(Entries taken from a collection)
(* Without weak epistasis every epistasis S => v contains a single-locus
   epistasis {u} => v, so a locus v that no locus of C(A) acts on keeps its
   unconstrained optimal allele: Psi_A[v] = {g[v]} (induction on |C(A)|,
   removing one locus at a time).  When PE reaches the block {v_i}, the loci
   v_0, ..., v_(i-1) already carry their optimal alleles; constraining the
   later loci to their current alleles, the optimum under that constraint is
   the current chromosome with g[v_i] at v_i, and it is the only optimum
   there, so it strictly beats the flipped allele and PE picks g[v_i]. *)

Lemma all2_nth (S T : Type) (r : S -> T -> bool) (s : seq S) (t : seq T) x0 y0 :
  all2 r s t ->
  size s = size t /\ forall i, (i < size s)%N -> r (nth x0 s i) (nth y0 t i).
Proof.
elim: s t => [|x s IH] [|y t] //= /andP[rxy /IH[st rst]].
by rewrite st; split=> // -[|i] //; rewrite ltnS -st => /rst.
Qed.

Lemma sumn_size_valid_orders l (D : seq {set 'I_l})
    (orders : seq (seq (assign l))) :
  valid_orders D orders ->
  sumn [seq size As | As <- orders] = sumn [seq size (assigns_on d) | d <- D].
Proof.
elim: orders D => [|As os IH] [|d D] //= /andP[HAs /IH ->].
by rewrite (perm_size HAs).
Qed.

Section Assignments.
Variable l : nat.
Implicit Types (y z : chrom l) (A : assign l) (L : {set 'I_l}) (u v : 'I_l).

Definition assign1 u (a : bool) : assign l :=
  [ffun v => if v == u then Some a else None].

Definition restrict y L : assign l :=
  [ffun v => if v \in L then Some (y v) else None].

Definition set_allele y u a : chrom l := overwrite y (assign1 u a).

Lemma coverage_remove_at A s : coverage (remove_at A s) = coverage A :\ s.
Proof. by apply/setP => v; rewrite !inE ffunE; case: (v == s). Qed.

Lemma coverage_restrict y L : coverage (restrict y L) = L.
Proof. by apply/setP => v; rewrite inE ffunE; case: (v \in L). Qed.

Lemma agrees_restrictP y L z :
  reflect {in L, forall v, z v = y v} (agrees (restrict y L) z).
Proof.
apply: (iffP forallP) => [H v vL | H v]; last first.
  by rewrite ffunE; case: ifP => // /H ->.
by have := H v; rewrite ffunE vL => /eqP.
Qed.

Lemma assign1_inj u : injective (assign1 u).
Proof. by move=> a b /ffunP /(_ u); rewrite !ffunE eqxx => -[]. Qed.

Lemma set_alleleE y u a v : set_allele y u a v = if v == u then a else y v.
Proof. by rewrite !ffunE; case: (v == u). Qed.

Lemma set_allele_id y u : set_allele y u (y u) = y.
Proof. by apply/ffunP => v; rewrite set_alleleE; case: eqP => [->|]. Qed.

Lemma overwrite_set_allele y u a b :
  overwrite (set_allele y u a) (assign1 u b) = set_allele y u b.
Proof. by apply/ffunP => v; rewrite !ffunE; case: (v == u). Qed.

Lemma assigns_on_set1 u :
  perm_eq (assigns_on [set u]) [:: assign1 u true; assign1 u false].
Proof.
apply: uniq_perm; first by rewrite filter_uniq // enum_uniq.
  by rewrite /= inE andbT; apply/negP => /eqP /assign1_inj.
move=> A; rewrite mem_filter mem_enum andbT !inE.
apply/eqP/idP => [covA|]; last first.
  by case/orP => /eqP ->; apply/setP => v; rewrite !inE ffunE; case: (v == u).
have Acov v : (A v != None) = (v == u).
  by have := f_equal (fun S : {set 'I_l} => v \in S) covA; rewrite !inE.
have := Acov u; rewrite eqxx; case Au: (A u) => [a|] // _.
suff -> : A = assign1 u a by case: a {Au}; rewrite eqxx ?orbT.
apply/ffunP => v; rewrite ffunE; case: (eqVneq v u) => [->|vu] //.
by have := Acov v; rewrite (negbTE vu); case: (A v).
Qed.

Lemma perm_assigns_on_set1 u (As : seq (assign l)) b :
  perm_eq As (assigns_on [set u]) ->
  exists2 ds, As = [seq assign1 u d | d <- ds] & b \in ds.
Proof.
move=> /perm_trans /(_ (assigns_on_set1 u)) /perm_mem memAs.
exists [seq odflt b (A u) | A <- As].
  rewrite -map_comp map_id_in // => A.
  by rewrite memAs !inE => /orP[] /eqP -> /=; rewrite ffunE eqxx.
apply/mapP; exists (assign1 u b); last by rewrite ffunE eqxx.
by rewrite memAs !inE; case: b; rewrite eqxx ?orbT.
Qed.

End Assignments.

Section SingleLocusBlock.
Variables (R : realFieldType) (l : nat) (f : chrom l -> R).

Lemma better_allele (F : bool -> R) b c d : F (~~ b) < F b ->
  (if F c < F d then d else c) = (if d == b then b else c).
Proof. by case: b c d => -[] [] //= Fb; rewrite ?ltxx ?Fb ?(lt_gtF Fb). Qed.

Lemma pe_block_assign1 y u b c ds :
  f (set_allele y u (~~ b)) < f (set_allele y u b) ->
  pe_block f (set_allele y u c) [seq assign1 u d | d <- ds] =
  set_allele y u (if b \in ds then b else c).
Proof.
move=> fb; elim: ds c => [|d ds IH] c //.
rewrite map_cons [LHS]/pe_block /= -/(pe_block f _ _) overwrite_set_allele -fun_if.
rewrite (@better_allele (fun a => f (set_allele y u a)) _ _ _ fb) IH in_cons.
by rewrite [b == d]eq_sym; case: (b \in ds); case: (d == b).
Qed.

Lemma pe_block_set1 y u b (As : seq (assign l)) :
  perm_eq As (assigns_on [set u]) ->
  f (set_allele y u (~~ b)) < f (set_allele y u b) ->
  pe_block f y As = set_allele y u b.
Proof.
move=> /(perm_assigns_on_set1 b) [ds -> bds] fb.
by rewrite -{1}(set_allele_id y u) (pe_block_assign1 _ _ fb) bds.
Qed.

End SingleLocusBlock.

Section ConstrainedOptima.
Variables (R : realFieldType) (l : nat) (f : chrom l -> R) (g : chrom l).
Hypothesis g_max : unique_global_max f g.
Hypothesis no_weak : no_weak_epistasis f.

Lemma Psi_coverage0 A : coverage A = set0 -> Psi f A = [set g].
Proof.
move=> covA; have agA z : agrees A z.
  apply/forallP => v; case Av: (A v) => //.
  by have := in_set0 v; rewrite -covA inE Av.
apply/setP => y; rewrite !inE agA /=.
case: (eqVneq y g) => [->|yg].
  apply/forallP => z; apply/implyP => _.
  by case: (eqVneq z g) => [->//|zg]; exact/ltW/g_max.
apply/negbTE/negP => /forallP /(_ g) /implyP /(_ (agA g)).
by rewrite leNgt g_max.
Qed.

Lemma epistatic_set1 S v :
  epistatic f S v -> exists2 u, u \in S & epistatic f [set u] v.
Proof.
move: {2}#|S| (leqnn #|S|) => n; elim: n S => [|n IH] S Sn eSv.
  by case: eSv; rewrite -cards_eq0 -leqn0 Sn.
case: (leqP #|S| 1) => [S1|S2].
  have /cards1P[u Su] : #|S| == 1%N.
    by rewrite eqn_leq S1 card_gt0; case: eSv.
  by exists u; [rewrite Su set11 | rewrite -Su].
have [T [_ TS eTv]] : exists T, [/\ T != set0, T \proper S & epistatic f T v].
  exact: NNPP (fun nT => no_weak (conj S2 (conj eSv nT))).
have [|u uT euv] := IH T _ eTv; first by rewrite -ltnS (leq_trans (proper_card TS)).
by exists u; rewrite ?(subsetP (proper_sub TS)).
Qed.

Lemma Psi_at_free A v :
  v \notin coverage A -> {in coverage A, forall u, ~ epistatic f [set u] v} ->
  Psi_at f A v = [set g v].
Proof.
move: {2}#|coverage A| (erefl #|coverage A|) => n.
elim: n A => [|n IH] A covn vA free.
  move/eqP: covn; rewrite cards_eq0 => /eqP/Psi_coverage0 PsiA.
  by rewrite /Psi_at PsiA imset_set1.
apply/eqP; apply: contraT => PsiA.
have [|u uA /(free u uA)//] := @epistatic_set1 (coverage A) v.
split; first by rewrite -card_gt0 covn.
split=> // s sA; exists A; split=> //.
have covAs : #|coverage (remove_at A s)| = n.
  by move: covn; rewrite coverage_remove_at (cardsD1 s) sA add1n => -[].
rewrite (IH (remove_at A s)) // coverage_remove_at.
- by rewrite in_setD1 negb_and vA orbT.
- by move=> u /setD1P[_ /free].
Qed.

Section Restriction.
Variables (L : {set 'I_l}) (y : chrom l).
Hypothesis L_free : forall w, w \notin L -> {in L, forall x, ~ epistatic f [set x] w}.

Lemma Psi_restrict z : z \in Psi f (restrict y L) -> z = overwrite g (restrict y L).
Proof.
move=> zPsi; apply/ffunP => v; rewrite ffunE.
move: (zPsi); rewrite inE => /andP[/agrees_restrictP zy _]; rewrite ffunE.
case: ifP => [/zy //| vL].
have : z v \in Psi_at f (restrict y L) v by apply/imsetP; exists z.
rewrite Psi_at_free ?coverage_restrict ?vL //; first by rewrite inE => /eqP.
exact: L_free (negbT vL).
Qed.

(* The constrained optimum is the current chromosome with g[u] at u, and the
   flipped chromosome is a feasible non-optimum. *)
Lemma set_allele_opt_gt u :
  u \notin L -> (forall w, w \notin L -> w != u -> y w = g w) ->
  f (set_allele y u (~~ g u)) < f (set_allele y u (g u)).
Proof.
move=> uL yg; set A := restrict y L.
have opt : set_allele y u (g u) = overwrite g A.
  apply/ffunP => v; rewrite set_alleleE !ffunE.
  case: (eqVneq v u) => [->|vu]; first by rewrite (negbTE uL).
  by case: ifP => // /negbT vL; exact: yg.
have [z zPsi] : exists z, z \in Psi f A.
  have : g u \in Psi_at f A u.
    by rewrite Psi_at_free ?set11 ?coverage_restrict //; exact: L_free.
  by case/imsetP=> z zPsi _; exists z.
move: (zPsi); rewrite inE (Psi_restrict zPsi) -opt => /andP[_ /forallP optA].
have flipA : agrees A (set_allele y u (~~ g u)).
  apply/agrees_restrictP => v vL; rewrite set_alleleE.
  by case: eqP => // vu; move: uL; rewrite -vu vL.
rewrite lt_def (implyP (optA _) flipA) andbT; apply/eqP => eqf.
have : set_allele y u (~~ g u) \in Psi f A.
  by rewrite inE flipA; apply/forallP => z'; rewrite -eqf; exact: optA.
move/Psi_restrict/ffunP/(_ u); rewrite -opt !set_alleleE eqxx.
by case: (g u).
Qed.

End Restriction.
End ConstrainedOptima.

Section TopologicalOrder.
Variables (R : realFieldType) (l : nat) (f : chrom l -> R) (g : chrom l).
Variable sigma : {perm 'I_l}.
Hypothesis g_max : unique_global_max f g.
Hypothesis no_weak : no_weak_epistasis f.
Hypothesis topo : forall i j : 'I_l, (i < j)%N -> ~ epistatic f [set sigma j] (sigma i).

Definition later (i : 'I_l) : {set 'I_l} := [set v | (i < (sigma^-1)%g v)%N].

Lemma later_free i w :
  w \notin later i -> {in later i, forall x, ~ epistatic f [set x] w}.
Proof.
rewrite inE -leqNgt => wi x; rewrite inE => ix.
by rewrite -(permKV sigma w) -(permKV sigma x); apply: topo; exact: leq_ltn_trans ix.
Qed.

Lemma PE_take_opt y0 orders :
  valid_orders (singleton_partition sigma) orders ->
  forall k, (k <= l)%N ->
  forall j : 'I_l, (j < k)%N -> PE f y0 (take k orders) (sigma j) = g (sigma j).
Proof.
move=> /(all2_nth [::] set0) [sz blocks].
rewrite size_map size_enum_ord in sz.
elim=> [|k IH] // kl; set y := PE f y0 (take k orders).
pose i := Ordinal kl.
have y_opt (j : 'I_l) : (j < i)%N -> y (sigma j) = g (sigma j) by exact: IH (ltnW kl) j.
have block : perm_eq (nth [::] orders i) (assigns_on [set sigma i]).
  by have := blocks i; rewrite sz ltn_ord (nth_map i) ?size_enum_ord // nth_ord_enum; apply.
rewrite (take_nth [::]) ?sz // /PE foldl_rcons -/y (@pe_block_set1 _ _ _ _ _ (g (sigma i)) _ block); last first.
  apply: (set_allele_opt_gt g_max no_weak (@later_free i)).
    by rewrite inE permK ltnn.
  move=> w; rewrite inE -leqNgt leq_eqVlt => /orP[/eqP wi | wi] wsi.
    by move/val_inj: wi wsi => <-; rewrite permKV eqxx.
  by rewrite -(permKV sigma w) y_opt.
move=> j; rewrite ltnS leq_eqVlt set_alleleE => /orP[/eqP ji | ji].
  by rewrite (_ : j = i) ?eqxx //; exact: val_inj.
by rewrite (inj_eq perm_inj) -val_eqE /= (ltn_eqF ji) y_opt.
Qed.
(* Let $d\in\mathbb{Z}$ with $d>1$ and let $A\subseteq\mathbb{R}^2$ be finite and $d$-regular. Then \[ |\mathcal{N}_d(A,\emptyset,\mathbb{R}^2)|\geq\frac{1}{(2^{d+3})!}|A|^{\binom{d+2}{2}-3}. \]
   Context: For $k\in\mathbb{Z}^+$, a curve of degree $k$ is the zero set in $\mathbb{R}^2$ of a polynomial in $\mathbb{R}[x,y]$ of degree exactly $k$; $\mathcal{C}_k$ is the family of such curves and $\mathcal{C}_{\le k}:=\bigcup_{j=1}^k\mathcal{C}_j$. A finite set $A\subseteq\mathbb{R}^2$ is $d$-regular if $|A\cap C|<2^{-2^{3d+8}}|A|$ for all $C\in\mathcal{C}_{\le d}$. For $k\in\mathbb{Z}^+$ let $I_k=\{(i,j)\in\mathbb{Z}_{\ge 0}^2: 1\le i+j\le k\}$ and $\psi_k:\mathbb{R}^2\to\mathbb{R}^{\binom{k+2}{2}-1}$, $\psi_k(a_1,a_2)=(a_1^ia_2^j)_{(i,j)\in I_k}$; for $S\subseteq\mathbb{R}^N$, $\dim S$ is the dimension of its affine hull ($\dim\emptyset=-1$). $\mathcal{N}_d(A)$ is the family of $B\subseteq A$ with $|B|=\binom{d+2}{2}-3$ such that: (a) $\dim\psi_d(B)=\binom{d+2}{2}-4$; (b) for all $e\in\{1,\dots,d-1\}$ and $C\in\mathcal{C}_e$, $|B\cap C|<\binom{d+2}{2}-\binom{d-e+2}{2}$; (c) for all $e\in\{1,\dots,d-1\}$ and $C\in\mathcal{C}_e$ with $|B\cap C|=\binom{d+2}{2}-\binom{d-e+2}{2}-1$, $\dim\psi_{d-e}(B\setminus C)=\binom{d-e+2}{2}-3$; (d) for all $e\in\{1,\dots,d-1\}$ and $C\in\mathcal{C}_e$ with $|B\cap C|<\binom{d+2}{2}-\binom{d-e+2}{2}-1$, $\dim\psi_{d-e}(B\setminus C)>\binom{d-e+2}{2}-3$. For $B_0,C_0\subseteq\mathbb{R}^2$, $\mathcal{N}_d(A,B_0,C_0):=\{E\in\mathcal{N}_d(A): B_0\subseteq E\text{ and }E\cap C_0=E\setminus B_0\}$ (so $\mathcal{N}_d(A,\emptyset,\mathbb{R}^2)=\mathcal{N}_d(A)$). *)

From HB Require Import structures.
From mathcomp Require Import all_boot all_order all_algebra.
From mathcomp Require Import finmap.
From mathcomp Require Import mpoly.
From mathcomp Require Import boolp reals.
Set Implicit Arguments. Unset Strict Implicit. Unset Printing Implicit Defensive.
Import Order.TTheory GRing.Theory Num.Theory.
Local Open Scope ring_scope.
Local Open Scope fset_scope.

(Work to complete) From the entries above, return exactly the line containing "(* The constrained", the line containing "apply/ffunP => v; rewrite set_alleleE !ffunE.", and all lines between, and nothing else.

(Result below)
(* The constrained optimum is the current chromosome with g[u] at u, and the
   flipped chromosome is a feasible non-optimum. *)
Lemma set_allele_opt_gt u :
  u \notin L -> (forall w, w \notin L -> w != u -> y w = g w) ->
  f (set_allele y u (~~ g u)) < f (set_allele y u (g u)).
Proof.
move=> uL yg; set A := restrict y L.
have opt : set_allele y u (g u) = overwrite g A.
  apply/ffunP => v; rewrite set_alleleE !ffunE.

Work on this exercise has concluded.